Task requirements - On how many lines of the records below does the string "revert" appear? Reply with only the number.

Task material -
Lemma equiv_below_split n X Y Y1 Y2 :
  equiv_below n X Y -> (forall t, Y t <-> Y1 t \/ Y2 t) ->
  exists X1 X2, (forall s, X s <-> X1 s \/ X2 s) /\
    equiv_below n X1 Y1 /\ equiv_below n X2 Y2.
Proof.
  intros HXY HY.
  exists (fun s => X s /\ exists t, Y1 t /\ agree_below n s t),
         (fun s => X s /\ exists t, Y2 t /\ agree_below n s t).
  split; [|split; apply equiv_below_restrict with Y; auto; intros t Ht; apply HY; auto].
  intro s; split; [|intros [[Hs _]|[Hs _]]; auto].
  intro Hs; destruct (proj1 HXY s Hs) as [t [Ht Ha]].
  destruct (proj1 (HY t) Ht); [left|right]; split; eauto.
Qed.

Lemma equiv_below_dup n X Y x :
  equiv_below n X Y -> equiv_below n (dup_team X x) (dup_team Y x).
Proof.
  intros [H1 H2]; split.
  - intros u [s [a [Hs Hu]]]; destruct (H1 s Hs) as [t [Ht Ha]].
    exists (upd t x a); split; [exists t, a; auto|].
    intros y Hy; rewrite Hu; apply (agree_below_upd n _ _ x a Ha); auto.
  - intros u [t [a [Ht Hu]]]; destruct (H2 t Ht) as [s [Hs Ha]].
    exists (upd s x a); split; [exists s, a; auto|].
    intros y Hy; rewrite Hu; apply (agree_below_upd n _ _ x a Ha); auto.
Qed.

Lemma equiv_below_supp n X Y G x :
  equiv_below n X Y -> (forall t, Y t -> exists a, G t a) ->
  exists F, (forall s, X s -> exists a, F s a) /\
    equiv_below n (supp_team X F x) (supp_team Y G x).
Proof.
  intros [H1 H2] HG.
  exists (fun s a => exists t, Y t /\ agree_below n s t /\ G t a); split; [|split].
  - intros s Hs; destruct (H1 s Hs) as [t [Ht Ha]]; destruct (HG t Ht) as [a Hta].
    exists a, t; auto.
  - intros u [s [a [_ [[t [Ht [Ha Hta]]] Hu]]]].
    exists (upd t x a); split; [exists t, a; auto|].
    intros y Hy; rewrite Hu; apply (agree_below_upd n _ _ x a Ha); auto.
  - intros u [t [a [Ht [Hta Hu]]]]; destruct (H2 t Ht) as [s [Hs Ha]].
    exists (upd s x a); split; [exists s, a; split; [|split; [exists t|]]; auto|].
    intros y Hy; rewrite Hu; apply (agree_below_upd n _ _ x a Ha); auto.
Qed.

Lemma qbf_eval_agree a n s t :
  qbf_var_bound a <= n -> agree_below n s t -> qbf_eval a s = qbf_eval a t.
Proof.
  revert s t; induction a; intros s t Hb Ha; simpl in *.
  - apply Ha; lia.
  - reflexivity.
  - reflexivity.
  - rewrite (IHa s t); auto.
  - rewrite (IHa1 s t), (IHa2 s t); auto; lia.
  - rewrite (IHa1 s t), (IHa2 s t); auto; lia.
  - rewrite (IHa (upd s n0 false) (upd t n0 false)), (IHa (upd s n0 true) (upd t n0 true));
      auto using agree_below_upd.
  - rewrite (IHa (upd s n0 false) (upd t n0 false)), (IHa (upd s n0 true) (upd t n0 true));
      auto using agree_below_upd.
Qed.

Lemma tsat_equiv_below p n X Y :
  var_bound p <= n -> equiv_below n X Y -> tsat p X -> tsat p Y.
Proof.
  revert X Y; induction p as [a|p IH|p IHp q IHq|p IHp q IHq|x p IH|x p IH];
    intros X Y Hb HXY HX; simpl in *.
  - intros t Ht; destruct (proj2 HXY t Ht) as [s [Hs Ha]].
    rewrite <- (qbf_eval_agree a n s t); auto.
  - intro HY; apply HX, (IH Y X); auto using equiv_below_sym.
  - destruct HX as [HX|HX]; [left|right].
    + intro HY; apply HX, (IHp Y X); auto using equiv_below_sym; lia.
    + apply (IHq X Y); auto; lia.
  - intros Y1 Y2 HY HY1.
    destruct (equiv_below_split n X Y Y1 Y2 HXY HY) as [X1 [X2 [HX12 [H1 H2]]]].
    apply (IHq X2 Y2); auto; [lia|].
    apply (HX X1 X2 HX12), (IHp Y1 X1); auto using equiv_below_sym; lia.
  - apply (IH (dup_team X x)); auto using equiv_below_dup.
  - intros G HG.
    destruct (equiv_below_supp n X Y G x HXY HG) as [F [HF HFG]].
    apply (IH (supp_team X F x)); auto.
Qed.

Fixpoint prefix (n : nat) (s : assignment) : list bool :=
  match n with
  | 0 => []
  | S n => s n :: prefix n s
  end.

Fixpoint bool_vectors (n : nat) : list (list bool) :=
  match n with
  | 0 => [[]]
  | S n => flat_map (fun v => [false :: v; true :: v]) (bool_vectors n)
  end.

Exercise answer - 2